Saved entries
□ □ □

(* For each $n\in\{3,4,5,6,7\}$, the N00N state $Q=\frac{1}{\sqrt2}\cdot\frac{1}{\sqrt{n!}}\big((a^\dagger_1)^n+(a^\dagger_2)^n\big)$ (i.e. $(|n,0\rangle+|0,n\rangle)/\sqrt2$) cannot be generated by vacuum heralding from the $(n-1)$-mode input $|2,1,\dots,1\rangle$: there is no complex $(n-1)\times(n-1)$ matrix $A$ and no $\gamma\in\mathbb{C}$ such that $\gamma G=Q$, where $G$ is obtained with input occupation numbers $(n_1,\dots,n_{n-1})=(2,1,\dots,1)$ and heralding pattern $(0,\dots,0)$ on the last $n-3$ modes.
   Context: Heralded linear-optical state generation model. States with a fixed photon number are homogeneous polynomials in commuting variables $a^\dagger_1,\dots,a^\dagger_N$ applied to the vacuum. Given $N$ modes, an arbitrary complex $N\times N$ matrix $A$ (not required to be unitary), and a Fock input $\prod_{i=1}^N\frac{1}{\sqrt{n_i!}}(a^\dagger_{i,\mathrm{in}})^{n_i}|0\rangle$, the output is $F|0\rangle$ with $F=\prod_{i=1}^N\frac{1}{\sqrt{n_i!}}\big(\sum_{j=1}^N A_{i,j}a^\dagger_j\big)^{n_i}$. Heralding the last $M$ modes on the pattern $(m_1,\dots,m_M)$, $m=\sum_jm_j$, gives $G=\frac{1}{\prod_jm_j!}\,\frac{\partial^{m}F}{\partial(a^\dagger_{N-M+1})^{m_1}\cdots\partial(a^\dagger_N)^{m_M}}\Big|_{a^\dagger_{N-M+1}=\cdots=a^\dagger_N=0}$; for the all-zero (vacuum) pattern this is just $F$ with $a^\dagger_{N-M+1},\dots,a^\dagger_N$ set to $0$. $G$ and $Q$ are compared as polynomials in $a^\dagger_1,\dots,a^\dagger_{N-M}$. *)

From HB Require Import structures.
From mathcomp Require Import all_boot all_order all_algebra.
From mathcomp Require Import complex.
From mathcomp Require Import Rstruct.
From mathcomp Require Import mpoly.
From Stdlib Require Rdefinitions.

Set Implicit Arguments.
Unset Strict Implicit.
Unset Printing Implicit Defensive.

Import Order.TTheory GRing.Theory Num.Theory.
Local Open Scope ring_scope.

Notation C := (complex Rdefinitions.R).

(* Output creation operator of input mode i: sum_j A_{i,j} a^dagger_j,
   with a^dagger_j represented by the variable 'X_j. *)
Definition out_op (N : nat) (A : 'M[C]_N) (i : 'I_N) : {mpoly C[N]} :=
  \sum_(j < N) A i j *: 'X_j.

Definition Fpoly (N : nat) (A : 'M[C]_N) (occ : 'I_N -> nat) : {mpoly C[N]} :=
  \prod_(i < N) (((sqrtC ((occ i)`!)%:R)^-1) *: (out_op A i) ^+ occ i).

(* Vacuum heralding of all modes with index >= K (the last N - K modes):
   substitute 0 for a^dagger_j, j >= K, and keep a^dagger_j, j < K. *)
Definition vac_herald (N K : nat) (F : {mpoly C[N]}) : {mpoly C[K]} :=
  F \mPo [tuple (oapp (fun j : 'I_K => 'X_j) 0 (insub (val i) : option 'I_K)) | i < N].

Definition occ_2111 (N : nat) (i : 'I_N) : nat := if val i == 0%N then 2%N else 1%N.

Definition noon (n : nat) : {mpoly C[2]} :=
  ((sqrtC 2)^-1 * (sqrtC (n`!)%:R)^-1) *: ('X_0 ^+ n + 'X_1 ^+ n).

(* After vacuum heralding, the doubly occupied first input mode contributes the
   factor (A00 x1 + A01 x2)^2, so gamma G is divisible by the square of a linear
   form, whereas x1^n + x2^n is squarefree.  Squarefreeness is checked on lines:
   substituting polynomials p, q in one variable t such that A00 p + A01 q is a
   multiple of t makes t^2 divide p^n + q^n, which forces A00 = A01 = 0, and
   then G = 0. *)
From HB Require Import structures.
From mathcomp Require Import all_boot all_order all_algebra.
From mathcomp Require Import complex Rstruct.
From mathcomp Require Import mpoly.
From mathcomp Require Import ring.

Set Implicit Arguments.
Unset Strict Implicit.
Unset Printing Implicit Defensive.

Import GRing.Theory Num.Theory.
Local Open Scope ring_scope.

Lemma coef1_XaddC_exp (K : comNzRingType) (x : K) (n : nat) :
  (('X + x%:P) ^+ n)`_1 = x ^+ n.-1 *+ n.
Proof.
have := coef_deriv (('X + x%:P) ^+ n) 0; rewrite mulr1n => <-.
by rewrite deriv_exp derivD derivC derivX addr0 mul1r coefMn -horner_coef0 !hornerE.
Qed.

Section SubstPoly.
Variables (K : comNzRingType) (n : nat) (v : n.-tuple {poly K}).

Definition msubst_poly (r : {mpoly K[n]}) : {poly K} := mmap (@polyC K) (tnth v) r.

HB.instance Definition _ :=
  GRing.RMorphism.copy msubst_poly (mmap (@polyC K) (tnth v)).

Lemma msubst_polyX i : msubst_poly 'X_i = tnth v i.
Proof. by rewrite /msubst_poly mmapX mmap1U. Qed.

Lemma msubst_polyZ c r : msubst_poly (c *: r) = c%:P * msubst_poly r.
Proof. exact: mmapZ. Qed.

End SubstPoly.

Section SquarefreeSumXn.
Variables (K : numDomainType) (a b : K) (R : {mpoly K[2]}) (n : nat).
Hypothesis n_gt0 : (0 < n)%N.
Hypothesis sqr_linear_mul : (a *: 'X_0 + b *: 'X_1) ^+ 2 * R = 'X_0 ^+ n + 'X_1 ^+ n.

Lemma coef_sumXn_restrict_eq0 (p q : {poly K}) (d : K) :
  a%:P * p + b%:P * q = d%:P * 'X -> forall i, (i < 2)%N -> (p ^+ n + q ^+ n)`_i = 0.
Proof.
move=> line i lt_i2.
have := congr1 (msubst_poly [tuple p; q]) sqr_linear_mul.
rewrite rmorphM !rmorphXn !rmorphD !rmorphXn /= !msubst_polyZ !msubst_polyX /= line => <-.
by rewrite exprMn -mulrA mulrC -mulrA coefXnM lt_i2.
Qed.

Lemma sqr_linear_coefs_eq0 : a = 0 /\ b = 0.
Proof.
have coef1_eq0 (x y : K) : (('X + x%:P) ^+ n + y%:P ^+ n)`_1 = 0 -> x = 0.
  rewrite coefD coef1_XaddC_exp -rmorphXn coefC addr0 => /eqP.
  by rewrite mulrn_eq0 expf_eq0 (negbTE (lt0n_neq0 n_gt0)) => /andP[_ /eqP].
(* On the lines (-b, t + a) and (t + b, -a) the linear form is b t, resp. a t,
   and the t-coefficient of p^n + q^n is n a^(n-1), resp. n b^(n-1). *)
split.
- apply: (coef1_eq0 a (- b)); rewrite addrC.
  apply: (coef_sumXn_restrict_eq0 (d := b)) => //.
  by rewrite rmorphN; ring.
- apply: (coef1_eq0 b (- a)); apply: (coef_sumXn_restrict_eq0 (d := a)) => //.
  by rewrite rmorphN; ring.
Qed.

End SquarefreeSumXn.

Lemma sumXn_neq_sqr_linear_mul (K : numDomainType) (a b : K) (R : {mpoly K[2]}) (n : nat) :
  (0 < n)%N -> (a *: 'X_0 + b *: 'X_1) ^+ 2 * R != 'X_0 ^+ n + 'X_1 ^+ n.
Proof.
move=> n_gt0; apply/eqP => sqr_linear_mul.
have [a0 b0] := sqr_linear_coefs_eq0 n_gt0 sqr_linear_mul.
have line : a%:P * 1 + b%:P * 0 = 0%:P * 'X :> {poly K}.
  by rewrite a0 b0 !mul0r addr0.
have /eqP := coef_sumXn_restrict_eq0 sqr_linear_mul line (i := 0) isT.
by rewrite expr1n expr0n eqn0Ngt n_gt0 addr0 coef1 oner_eq0.
Qed.

HB.instance Definition _ (N K : nat) :=
  GRing.LRMorphism.copy (@vac_herald N K)
    (comp_mpoly [tuple (oapp (fun j : 'I_K => 'X_j) 0 (insub (val i) : option 'I_K)) | i < N]).

Lemma vac_herald_X (N K : nat) (j : 'I_N) :
  vac_herald K 'X_j = oapp (fun k : 'I_K => 'X_k) 0 (insub (val j) : option 'I_K).
Proof. by rewrite /vac_herald comp_mpolyXU -tnth_nth tnth_mktuple. Qed.

Lemma vac_herald_X_val (N K : nat) (j : 'I_N) (k : 'I_K) :
  val j = val k -> vac_herald K 'X_j = 'X_k.
Proof. by move=> jk; rewrite vac_herald_X jk valK. Qed.

Lemma vac_herald_out_op (N : nat) (A : 'M[C]_N.+2) (i : 'I_N.+2) :
  vac_herald 2 (out_op A i) = A i 0 *: 'X_0 + A i 1 *: 'X_1.
Proof.
rewrite /out_op linear_sum 2!big_ord_recl big1 => [|j _]; last first.
  by rewrite linearZ /= vac_herald_X insubF ?scaler0.
have -> : lift ord0 ord0 = 1 :> 'I_N.+2 by apply: val_inj; rewrite /= modn_small.
rewrite !linearZ /= (@vac_herald_X_val _ _ _ 0) // (@vac_herald_X_val _ _ _ 1) //.
(* [addr0] must not be tried on the outer sum: unifying a heralded polynomial
   with 0 makes Rocq evaluate it. *)
by congr (_ + _); apply: addr0.
Qed.

Lemma vac_herald_Fpoly_2111 (N : nat) (A : 'M[C]_N.+2) : exists R,
  vac_herald 2 (Fpoly A (@occ_2111 N.+2)) = (A 0 0 *: 'X_0 + A 0 1 *: 'X_1) ^+ 2 * R.
Proof.
rewrite /Fpoly big_ord_recl rmorphM /= linearZ rmorphXn /= vac_herald_out_op.
by eexists; rewrite -scalerAl scalerAr.
Qed.

Theorem mainTheorem4 (n : nat) :
  (3 <= n <= 7)%N ->
  ~ exists (A : 'M[C]_(n.-1)) (gamma : C),
      gamma *: vac_herald 2 (Fpoly A (@occ_2111 n.-1)) = noon n.
Proof.
case: n => [|[|[|n]]] // _ [A [gamma]] /=.
have [R ->] := vac_herald_Fpoly_2111 A.
rewrite /noon; set c := (sqrtC 2)^-1 * _ => herald_eq_noon.
have c_neq0 : c != 0.
  by rewrite mulf_neq0 // invr_eq0 sqrtC_eq0 pnatr_eq0 // -lt0n fact_gt0.
move/eqP: (sumXn_neq_sqr_linear_mul (A 0 0) (A 0 1) ((c^-1 * gamma) *: R) (ltn0Sn n.+2)).
by apply; rewrite -scalerAr -scalerA herald_eq_noon scalerA mulVf ?scale1r.
Qed.
Lemma subr_le_mul_ln_div (p x : R) : 0 < p -> 0 < x -> p - x <= p * ln (p / x).
Proof.
move=> p0 x0; rewrite -subr_ge0 mul_ln_div_gapE //.
by apply: mulr_ge0; [exact: ltW | rewrite subr_ge0 ln_le_subr1 ?divr_gt0].
Qed.

Lemma subr_lt_mul_ln_div (p x : R) : 0 < p -> 0 < x -> x != p ->
  p - x < p * ln (p / x).
Proof.
move=> p0 x0 xp; rewrite -subr_gt0 mul_ln_div_gapE //.
apply: mulr_gt0; rewrite // subr_gt0 ln_lt_subr1 ?divr_gt0 //.
by apply: contra xp => /eqP /divr1_eq ->.
Qed.

Lemma ler_mul_ln_div (a s t : R) : 0 < a -> 0 < s -> 0 < t ->
  (a * ln (a / t) <= a * ln (a / s)) = (s <= t).
Proof.
move=> a0 s0 t0; rewrite ler_pM2l // ler_ln ?posrE ?divr_gt0 //.
by rewrite ler_pM2l // lef_pV2 ?posrE.
Qed.

Lemma ltr_mul_ln_div (a s t : R) : 0 < a -> 0 < s -> 0 < t ->
  (a * ln (a / t) < a * ln (a / s)) = (s < t).
Proof.
move=> a0 s0 t0; rewrite ltr_pM2l // ltr_ln ?posrE ?divr_gt0 //.
by rewrite ltr_pM2l // ltf_pV2 ?posrE.
Qed.

End LnBounds.

Section LogSum.
Variables (R : realType) (I : finType) (A : {pred I}) (p q : I -> R).
Hypotheses (p_gt0 : {in A, forall k, 0 < p k}) (q_gt0 : {in A, forall k, 0 < q k}).

Let sp := \sum_(k in A) p k.
Let sq := \sum_(k in A) q k.
(* [q] rescaled to the total mass of [p], so that the gaps [p k - q' k] sum to 0. *)
Let q' k := q k * sp / sq.

Let q'_gt0 k : k \in A -> 0 < q' k.
Proof.
move=> Ak; rewrite /q' divr_gt0 ?mulr_gt0 ?q_gt0 //.
  exact: psumr_mem_gt0 p_gt0 Ak.
exact: psumr_mem_gt0 q_gt0 Ak.
Qed.

Lemma log_sum_gapE :
  \sum_(k in A) p k * ln (p k / q k) - sp * ln (sp / sq) =
  \sum_(k in A) (p k * ln (p k / q' k) - (p k - q' k)).
Proof.
case: (pickP [in A]) => [k0 Ak0 | A0]; last first.
  by rewrite /sp !big_pred0 // mul0r subr0.
have [sp0 sq0] := (psumr_mem_gt0 p_gt0 Ak0, psumr_mem_gt0 q_gt0 Ak0).
have sum_q' : \sum_(k in A) q' k = sp.
  by rewrite -mulr_suml -mulr_suml mulrC mulrA mulVf ?mul1r // lt0r_neq0.
rewrite sumrB sumrB sum_q' subrr subr0 mulr_suml -sumrB; apply: eq_bigr => k Ak.
have [pk qk] := (p_gt0 Ak, q_gt0 Ak).
rewrite -mulrBr /q' -mulrA -ln_div ?posrE ?divr_gt0 //; congr (_ * ln _).
by field; rewrite !lt0r_neq0.
Qed.

Let gap_ge0 k : k \in A -> 0 <= p k * ln (p k / q' k) - (p k - q' k).
Proof. by move=> Ak; rewrite subr_ge0 subr_le_mul_ln_div ?p_gt0 ?q'_gt0. Qed.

□ □ □

▶ Problem: Could you state how many lines in the entries contain the word "exact"? Reply with nothing but the number.

▶ Exercise output: 4